Archaeologies of Respectability: African-American Women, Material Culture

photo of Agbe-Davies

Archaeological fieldwork at the Phyllis Wheatley Home for Girls in Chicago and at the childhood home of civil rights activist Pauli Murray in Durham, North Carolina, provides new insights into settings where race, gender and civic activism are front and center. The former was a charitable institution run by African-American women to aid others navigating the Great Migration northward, while the latter housed the multigenerational family that profoundly shaped Murray’s sense of justice and human rights.

This talk will explore the early 20th century’s emphasis on respectability and uplift. The meanings that women attributed to these concepts manifest materially in landscapes and in the selection, use and disposal of everyday consumer goods, bringing to the fore additional themes including gender, femininity and the presentation of one’s self and one’s home.

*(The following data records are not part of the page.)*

Lemma CR_trajd_le M : (1%:E <= M)%E ->
  (forall t, 0 <= t < dpt x y -> (((1 + 2 * dpt x y - 2 * t) / Opt x y t)%:E <= M)%E) ->
  (CR x y (trajd x y) <= M)%E.
Proof.
move=> M_ge1 early; apply: CR_le => t /andP[t_ge0 _].
case: (leP (dpt x y) t) => dt; last first.
  by apply: le_trans (ratio_le x y (delivery_trajd_early _)) (early _ _); rewrite t_ge0.
apply: le_trans M_ge1; apply: le_trans (ratio_le x y (delivery_trajd_late dt)) _.
by rewrite lee_fin ler_pdivrMr ?Opt_gt0 // mul1r Opt_ge1.
Qed.

End AlgorithmD.

Lemma dpt_le1 x y : 0 < x -> (x - 1) ^+ 2 + y ^+ 2 <= 1 -> dpt x y <= 1.
Proof. by move=> x_gt0; move: (dpt x y) (mul2_dpt y x_gt0) => d ed; nra. Qed.

Lemma delivery_traj0 x y t : (x, y) != (0, 0) -> 0 <= t <= 1 ->
  (delivery (traj0 x y) t <= (dist (x, y) (0, 0) + 1)%:E)%E.
Proof.
move=> /dist_origin_gt0 L_gt0 /andP[t_ge0 t_le1]; set L := dist _ _ in L_gt0 *.
have -> : L + 1 = (L + t) + 1 - Num.min (L + t) t by rewrite min_r; lra.
apply: delivery_le; first lra.
rewrite /traj0 -/L /pkg; case: ifP => [Lt | /negbT Lt].
  have t0 : t = 0 by lra.
  by rewrite t0 addr0 min_r ?(ltW L_gt0) // seg_end.
by rewrite addrAC subrr add0r min_l // min_r //; lra.
Qed.

Lemma CR_traj0_le x y : (x, y) != (0, 0) ->
  (CR x y (traj0 x y) <= (dist (x, y) (0, 0) + 1)%:E)%E.
Proof.
move=> P0; apply: CR_le => t t01.
apply: le_trans (ratio_le x y (delivery_traj0 P0 t01)) _.
rewrite lee_fin ler_pdivrMr ?Opt_gt0 // ler_peMr ?Opt_ge1 //.
by rewrite addr_ge0 ?dist_ge0.
Qed.

Lemma tour_cost_ge x y t : 0 < x -> (x - 1) ^+ 2 + y ^+ 2 <= 1 -> 0 <= t < dpt x y ->
  (1 + 2 * dpt x y - 2 * t) * (1 + dist (x, y) (0, 0))
  <= (3 + dist (x, y) (t, 0) - t) * (1 + dist (x, y) (t, 0) - t).
Proof.
move=> x_gt0 disk /andP[t_ge0 td]; have ed := mul2_dpt y x_gt0.
have eL := sqr_dist_axis x y 0; have eD := sqr_dist_axis x y t; rewrite subr0 in eL.
have L_ge0 := dist_ge0 (x, y) (0, 0); have D_ge0 := dist_ge0 (x, y) (t, 0).
set d := dpt x y in td ed *; set L := dist _ (0, 0) in eL L_ge0 *.
set D := dist _ (t, 0) in eD D_ge0 *.
have tD : t <= D by apply: ler_dist_axis; nra.
have L_le2x : L ^+ 2 <= 2 * x by nra.
have L_le2 : L <= 2.
  by rewrite -(@ler_pXn2r _ 2) ?nnegrE //; have := sqr_ge0 y; nra.
have eu : 2 * t * (D - t) + 2 * x * t = L ^+ 2 - (D - t) ^+ 2 by nra.
have e : x * (D - t + x) * (1 + 2 * d - 2 * t)
    = x * (D - t + x) + (D - t) * L ^+ 2 + x * (D - t) ^+ 2.
  have -> : x * (D - t + x) * (1 + 2 * d - 2 * t)
      = x * (D - t + x) + (D - t + x) * (2 * x * d) - x * (2 * t * (D - t) + 2 * x * t).
    by ring.
  by rewrite ed -eL eu; ring.
have xu_gt0 : 0 < x * (D - t + x) by rewrite mulr_gt0 //; lra.
rewrite -(ler_pM2l xu_gt0) mulrA e.
have -> : x * (D - t + x) * ((3 + D - t) * (1 + D - t))
    = x * (D - t + x) * (3 + (D - t)) * (1 + (D - t)) by ring.
by apply: tour_ineq; rewrite ?L_ge0 ?subr_ge0.
Qed.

Please join the School of Human Evolution and Social Change for a light lunch at 11:45 a.m., followed by a talk by guest speaker Anna Agbe-Davies from 12 - 1 p.m. (Please RSVP to reserve your spot.)

About the speaker

Agbe-Davies is an associate professor of anthropology at the University of North Carolina, Chapel Hill. As an archaeologist, she studies the plantation societies of the colonial southeastern U.S. and Caribbean, as well as towns and cities of the 19th- to 21st-century Midwest and South.